Washington-based deep sea exploration company OceanGate suffered a major tragedy when its flagship submarine, the Titan, imploded and killed all five people onboard in June of this year. Now it has emerged that the electrical system of the submarine which was designed by college-aged interns was partly to blame for the incident. Daily Mail reports.
The founder and CEO of OceanGate, Stockton Rush, had hired interns from Washington State University, who, according to deep sea exploration specialist Rob McCallum, would “drink Kool-Aid” and use a PlayStation remote to run the Titan. McCallum claimed in an interview with The New Yorker that he had warned Rush on several occasions that the submarine was unsafe, but the CEO was determined to press ahead with the project.
OceanGate had billed the Titan as a high-tech vessel, capable of taking tourists on trips to the depths of the Atlantic to visit the wreck of the Titanic. However, industry experts had warned that the vessel was experimental and potentially catastrophic. The company, which claimed to have worked with NASA, Boeing and the University of Washington, had allegedly “overstated and misrepresented” its role in the design of the Titan in order to attract wealthy clients by assuring them that the vessel was safe.
Questions are now being asked about the ethics of charging $250,000 per ticket for a submersible that had never been independently inspected and had malfunctioned previously. The tragedy has also highlighted the dangers of allowing untrained interns to design essential components of a submarine.

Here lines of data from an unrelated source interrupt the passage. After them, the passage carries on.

Lemma is_RInt_sum_n_m (f : nat -> R -> R) (v : nat -> R) (a b : R) (m n : nat) :
  (forall i, is_RInt (f i) a b (v i)) ->
  is_RInt (fun x => sum_n_m (fun i => f i x) m n) a b (sum_n_m v m n).
Proof.
intros Hf. induction n as [|n IH].
- destruct m as [|m].
  + rewrite sum_n_n. apply (is_RInt_ext (f 0%nat)); [intros; now rewrite sum_n_n | apply Hf].
  + rewrite sum_n_m_zero by lia.
    apply (is_RInt_ext (fun _ => 0)); [intros; now rewrite sum_n_m_zero by lia | apply is_RInt_0].
- destruct (Compare_dec.le_lt_dec m (S n)) as [Hle | Hlt].
  + rewrite sum_n_Sm by exact Hle.
    apply (is_RInt_ext (fun x => plus (sum_n_m (fun i => f i x) m n) (f (S n) x))).
    * intros. now rewrite sum_n_Sm by exact Hle.
    * now apply (is_RInt_plus (V := R_NormedModule)).
  + rewrite sum_n_m_zero by exact Hlt.
    apply (is_RInt_ext (fun _ => 0)); [intros; now rewrite sum_n_m_zero by exact Hlt | apply is_RInt_0].
Qed.

Lemma is_RInt_S_sum (F : R -> R -> R) (f : R -> R) (a b σ : R) (n : nat) :
  (forall x, is_RInt (fun s => F s x) a b (f x)) ->
  is_RInt (fun s => S_sum n σ (F s)) a b (S_sum n σ f).
Proof.
intros HF. unfold S_sum.
apply is_RInt_sum_n_m. intros l. apply is_RInt_sum_n_m. intros k.
apply (is_RInt_scal (fun s => F s (INR k / INR l))), HF.
Qed.

Lemma is_RInt_cos_mul (L : R) : L <> 0 -> is_RInt (fun s => cos (s * L)) 0 1 (sin L / L).
Proof.
intros HL.
replace (sin L / L) with (minus (sin (1 * L) / L) (sin (0 * L) / L))
  by (unfold minus, plus, opp; simpl; rewrite Rmult_0_l, sin_0, Rmult_1_l; field; exact HL).
apply (is_RInt_derive (V := R_CompleteNormedModule) (fun s => sin (s * L) / L)).
- intros s _. auto_derive; [easy | field; exact HL].
- intros s _. apply (ex_derive_continuous (K := R_AbsRing) (V := R_NormedModule)). auto_derive. easy.
Qed.

Lemma is_RInt_cos_log_kernel (x : R) : is_RInt (fun s => cos_log_kernel s x) 0 1 (g x).
Proof.
unfold cos_log_kernel, g.
destruct (Rlt_dec 0 x) as [Hx0 |]; [destruct (Rlt_dec x 1) as [Hx1 |] |].
- apply is_RInt_cos_mul.
  assert (ln x < 0) by (rewrite <- ln_1; now apply ln_increasing). lra.
- apply is_RInt_0.
- apply is_RInt_0.
Qed.

Lemma is_RInt_inv_sq_add (a : R) : 0 < a ->
  is_RInt (fun s => / (a ^ 2 + s ^ 2)) 0 1 (atan (1 / a) / a).
Proof.
intros Ha.
replace (atan (1 / a) / a) with (minus (atan (1 / a) / a) (atan (0 / a) / a))
  by (unfold minus, plus, opp; simpl; unfold Rdiv; rewrite Rmult_0_l, atan_0; ring).
apply (is_RInt_derive (V := R_CompleteNormedModule) (fun s => atan (s / a) / a)).
- intros s _.
  assert (Hatan : is_derive (fun s => atan (s / a)) s (/ a * / (1 + (s / a) ^ 2))).
  { apply (is_derive_comp (K := R_AbsRing) (V := R_NormedModule) atan (fun s => s / a)).
    - apply is_derive_Reals, derivable_pt_lim_atan.
    - auto_derive; [easy | field; lra]. }
  apply (is_derive_ext (fun s => / a * atan (s / a))); [intros; simpl; unfold Rdiv; ring |].
  replace (/ (a ^ 2 + s ^ 2)) with (scal (/ a) (/ a * / (1 + (s / a) ^ 2)))
    by (unfold scal; simpl; unfold mult; simpl; field; split; [nra | lra]).
  now apply is_derive_scal.
- intros s _. apply (ex_derive_continuous (K := R_AbsRing) (V := R_NormedModule)).
  auto_derive. nra.
Qed.

Lemma osc_antideriv_sq_add (σ s x : R) : σ <> 1 ->
  osc_antideriv σ s 0 x ^ 2 + osc_antideriv σ s (PI / 2) x ^ 2
  = Rpower x (2 * (1 - σ)) / ((1 - σ) ^ 2 + s ^ 2).
Proof.
intros Hσ. unfold osc_antideriv.
rewrite Rminus_0_r, cos_minus, sin_minus, cos_PI2, sin_PI2.
replace (2 * (1 - σ)) with ((1 - σ) + (1 - σ)) by ring. rewrite Rpower_plus.
assert (0 < (1 - σ) ^ 2 + s ^ 2) by (assert (1 - σ <> 0) by lra; nra).
pose proof (sin2_cos2 (s * ln x)) as Hpyth. unfold Rsqr in Hpyth.
set (c := cos (s * ln x)) in *. set (si := sin (s * ln x)) in *.
transitivity (Rpower x (1 - σ) * Rpower x (1 - σ) * ((1 - σ) ^ 2 + s ^ 2) * (si * si + c * c)
              / ((1 - σ) ^ 2 + s ^ 2) ^ 2); [field; lra |].
rewrite Hpyth. field. lra.
Qed.

Lemma sq_add_perturbation (c0 c1 q0 q1 d K B D Y : R) :
  Rabs (c0 - q0) <= K -> Rabs (c1 - q1) <= K ->
  Rabs q0 <= B * Y -> Rabs q1 <= B * Y -> 0 <= d <= D -> 1 <= Y ->
  Rabs (c0 ^ 2 + c1 ^ 2 - d - (q0 ^ 2 + q1 ^ 2)) <= (4 * B * K + 2 * K ^ 2 + D) * Y.
Proof.
intros H0 H1 Hq0 Hq1 Hd HY.
assert (HK : 0 <= K) by (pose proof (Rabs_pos (c0 - q0)); lra).
assert (HB : 0 <= B * Y) by (pose proof (Rabs_pos q0); lra).
assert (Hsq : forall c q, Rabs (c - q) <= K -> Rabs q <= B * Y ->
          Rabs (c ^ 2 - q ^ 2) <= 2 * (B * Y) * K + K ^ 2).
{ intros c q Hc Hq.
  replace (c ^ 2 - q ^ 2) with (2 * q * (c - q) + (c - q) ^ 2) by ring.
  assert (Hprod : Rabs q * Rabs (c - q) <= B * Y * K)
    by (apply Rmult_le_compat; auto using Rabs_pos).
  assert (Hsq : Rabs (c - q) ^ 2 <= K ^ 2)
    by (apply pow_incr; split; [apply Rabs_pos | exact Hc]).
  eapply Rle_trans; [apply Rabs_triang |].
  rewrite !Rabs_mult, <- RPow_abs, (Rabs_right 2) by lra.
  lra. }
specialize (Hsq c0 q0 H0 Hq0) as Hsq0. specialize (Hsq c1 q1 H1 Hq1) as Hsq1.
replace (c0 ^ 2 + c1 ^ 2 - d - (q0 ^ 2 + q1 ^ 2)) with ((c0 ^ 2 - q0 ^ 2) + (c1 ^ 2 - q1 ^ 2) - d)
  by ring.
apply Rabs_le. apply Rabs_le_between in Hsq0, Hsq1.
assert (K ^ 2 <= K ^ 2 * Y) by nra.
assert (D <= D * Y) by nra.
split; nra.
Qed.

Lemma two_S_sum_cos_log_kernel_asymptotic (σ : R) : 1 / 2 < σ < 1 ->
  exists K, forall (s : R) (n : nat), 0 <= s <= 1 -> (1 <= n)%nat ->
    Rabs (2 * S_sum n σ (cos_log_kernel s) - Rpower (INR n) (2 * (1 - σ)) / ((1 - σ) ^ 2 + s ^ 2))
    <= K * Rpower (INR n) (1 - σ).
Proof.
intros Hσ.
exists (4 * ((2 - σ) / (1 - σ) ^ 2) * (1 + (2 - σ) / (1 - σ) ^ 2 + 2 * (1 + / σ))
        + 2 * (1 + (2 - σ) / (1 - σ) ^ 2 + 2 * (1 + / σ)) ^ 2 + (1 + / (2 * σ - 1))).
intros s n Hs Hn.
assert (Hσ' : 0 < σ < 1) by lra.
rewrite two_S_sum_cos_log_kernel, <- osc_antideriv_sq_add by lra.
apply sq_add_perturbation.
- now apply Rabs_osc_sum_sub_antideriv_le.
- now apply Rabs_osc_sum_sub_antideriv_le.
- rewrite Rmult_comm. now apply Rabs_osc_antideriv_le.
- rewrite Rmult_comm. now apply Rabs_osc_antideriv_le.
- replace (- 2 * σ) with (- (2 * σ - 1) - 1) by ring.
  split; [apply sum_n_m_Rpower_nonneg | apply sum_Rpower_opp_le; lra].
- apply Rpower_ge_1; [apply (le_INR 1); exact Hn | lra].
Qed.

Lemma S_sum_g_asymptotic (σ : R) : 1 / 2 < σ < 1 ->
  exists K, forall n : nat, (1 <= n)%nat ->
    Rabs (S_sum n σ g - Rpower (INR n) (2 * (1 - σ)) * (atan (1 / (1 - σ)) / (2 * (1 - σ))))
    <= K * Rpower (INR n) (1 - σ).
Proof.
intros Hσ.
destruct (two_S_sum_cos_log_kernel_asymptotic σ Hσ) as [K HK].
exists (K / 2). intros n Hn.
set (M := Rpower (INR n) (2 * (1 - σ))).
assert (Hint := is_RInt_minus (V := R_NormedModule) _ _ 0 1 _ _
  (is_RInt_S_sum cos_log_kernel g 0 1 σ n is_RInt_cos_log_kernel)
  (is_RInt_scal _ _ _ (M / 2) _ (is_RInt_inv_sq_add (1 - σ) ltac:(lra)))).
assert (Hbound : forall s, 0 <= s <= 1 ->
  Rabs (S_sum n σ (cos_log_kernel s) - M / 2 * / ((1 - σ) ^ 2 + s ^ 2))
  <= K * Rpower (INR n) (1 - σ) / 2).
{ intros s Hs.
  replace (S_sum n σ (cos_log_kernel s) - M / 2 * / ((1 - σ) ^ 2 + s ^ 2))
    with ((2 * S_sum n σ (cos_log_kernel s) - M / ((1 - σ) ^ 2 + s ^ 2)) / 2)
    by (field; nra).
  unfold Rdiv at 1. rewrite Rabs_mult, (Rabs_right (/ 2)) by lra.
  specialize (HK s n Hs Hn). fold M in HK. lra. }
assert (Hle := norm_RInt_le_const (V := R_NormedModule) _ 0 1 _ _ Rle_0_1 Hbound Hint).
unfold norm, minus, plus, opp, scal in Hle; simpl in Hle; unfold mult, abs in Hle; simpl in Hle.
replace (M * (atan (1 / (1 - σ)) / (2 * (1 - σ))))
  with (M / 2 * (atan (1 / (1 - σ)) / (1 - σ))) by (field; lra).
replace (K / 2 * Rpower (INR n) (1 - σ)) with ((1 - 0) * (K * Rpower (INR n) (1 - σ) / 2))
  by field.
exact Hle.
Qed.

Lemma S_sum_g_normalized_error (σ : R) : 1 / 2 < σ < 1 ->
  exists C, forall n : nat, (1 <= n)%nat ->
    Rabs (S_sum n σ g / Rpower (INR n) (2 * (1 - σ))
          - 1 / (2 * (1 - σ)) * atan (1 / (1 - σ)))
    <= C / Rpower (INR n) (2 * (1 - σ) / 3).
Proof.
intros Hσ. destruct (S_sum_g_asymptotic σ Hσ) as [K HK].
exists K. intros n Hn. specialize (HK n Hn).
set (Y := Rpower (INR n) (1 - σ)) in HK.
assert (HM : Rpower (INR n) (2 * (1 - σ)) = Y * Y)
  by (unfold Y; rewrite <- Rpower_plus; f_equal; ring).
assert (H1n : 1 <= INR n) by (apply (le_INR 1); exact Hn).
assert (HY : 1 <= Y) by (apply Rpower_ge_1; lra).
assert (HZ : 0 < Rpower (INR n) (2 * (1 - σ) / 3)) by apply exp_pos.
assert (HZY : Rpower (INR n) (2 * (1 - σ) / 3) <= Y) by (apply Rle_Rpower; lra).
rewrite HM in HK |- *.
assert (HK0 : 0 <= K).
{ apply (Rmult_le_reg_r Y); [lra |]. rewrite Rmult_0_l.
  eapply Rle_trans; [apply Rabs_pos | exact HK]. }
replace (S_sum n σ g / (Y * Y) - 1 / (2 * (1 - σ)) * atan (1 / (1 - σ)))
  with ((S_sum n σ g - Y * Y * (atan (1 / (1 - σ)) / (2 * (1 - σ)))) / (Y * Y))
  by (field; lra).
unfold Rdiv at 1. rewrite Rabs_mult, Rabs_inv, (Rabs_right (Y * Y)) by nra.
apply Rle_trans with (K * Y / (Y * Y)).
- apply Rmult_le_compat_r; [left; apply Rinv_0_lt_compat; nra | exact HK].
- replace (K * Y / (Y * Y)) with (K / Y) by (field; lra).
  apply Rmult_le_compat_l; [exact HK0 |]. apply Rinv_le_contravar; lra.
Qed.

Lemma is_lim_seq_div_Rpower_INR (C b : R) : 0 < b ->
  is_lim_seq (fun n => C / Rpower (INR n) b) 0.
Proof.
intros Hb.
assert (Hln : is_lim_seq (fun n => ln (INR n)) p_infty).
{ apply (is_lim_comp_seq ln INR p_infty p_infty is_lim_ln_p); [| apply is_lim_seq_INR].
  now exists 0%nat. }
apply (is_lim_seq_scal_l _ b) in Hln.
assert (Hpow : is_lim_seq (fun n => Rpower (INR n) b) p_infty).
{ apply (is_lim_comp_seq exp _ p_infty p_infty is_lim_exp_p); [now exists 0%nat |].
  replace p_infty with (Rbar_mult b p_infty); [exact Hln |].
  simpl. destruct (Rle_dec 0 b) as [Hb' |]; [| lra].
  destruct (Rle_lt_or_eq_dec 0 b Hb'); [easy | lra]. }
apply is_lim_seq_inv in Hpow; [| discriminate].
apply (is_lim_seq_scal_l _ C) in Hpow. simpl in Hpow. rewrite Rmult_0_r in Hpow.
exact Hpow.
Qed.

Lemma is_lim_seq_of_Rabs_sub_le (u v : nat -> R) (l : R) :
  eventually (fun n => Rabs (u n - l) <= v n) -> is_lim_seq v 0 -> is_lim_seq u l.
Proof.
intros Hle Hv.
apply (is_lim_seq_ext (fun n => (u n - l) + l)); [intros; ring |].
replace (Finite l) with (Rbar_plus 0 l) by (simpl; now rewrite Rplus_0_l).
apply is_lim_seq_plus'; [| apply is_lim_seq_const].
apply is_lim_seq_abs_0, (is_lim_seq_le_le_loc (fun _ => 0) _ v); [| apply is_lim_seq_const | exact Hv].
destruct Hle as [N HN]. exists N. intros n Hn. split; [apply Rabs_pos | now apply HN].
Qed.

Theorem theorem5p4 (sigma : R) (Hs1 : 1/2 < sigma) (Hs2 : sigma < 1) :
  is_lim_seq (fun n : nat => S_sum n sigma g / Rpower (INR n) (2 * (1 - sigma)))
    (1 / (2 * (1 - sigma)) * atan (1 / (1 - sigma)))
  /\
  exists C : R, exists N : nat, forall n : nat, (N <= n)%nat ->
    Rabs (S_sum n sigma g / Rpower (INR n) (2 * (1 - sigma))
          - 1 / (2 * (1 - sigma)) * atan (1 / (1 - sigma)))
    <= C / Rpower (INR n) (2 * (1 - sigma) / 3).
Proof.
destruct (S_sum_g_normalized_error sigma (conj Hs1 Hs2)) as [C HC].
split.
- apply (is_lim_seq_of_Rabs_sub_le _ (fun n => C / Rpower (INR n) (2 * (1 - sigma) / 3))).
  + exists 1%nat. exact HC.
  + apply is_lim_seq_div_Rpower_INR. lra.
- now exists C, 1%nat.
Qed.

Former intern Mark Walsh, who graduated from Washington State University with a degree in electrical engineering, revealed that he and his classmates had designed the entire electrical system of the Titan and implemented it. He was later hired by OceanGate to work as a lead electrical engineer and said that he had also hired more interns from his alma mater.
The disaster has devastated the family of Shahzada Dawood, a British-Pakistani billionaire who died with his 19-year-old son, Suleman, on board the Titan. Rush had flown from the US to the UK to convince the Dawood family that the submersible was safe to travel in. Mrs. Dawood has revealed that she had no idea about the dangers of the vessel before it departed for its fatal journey.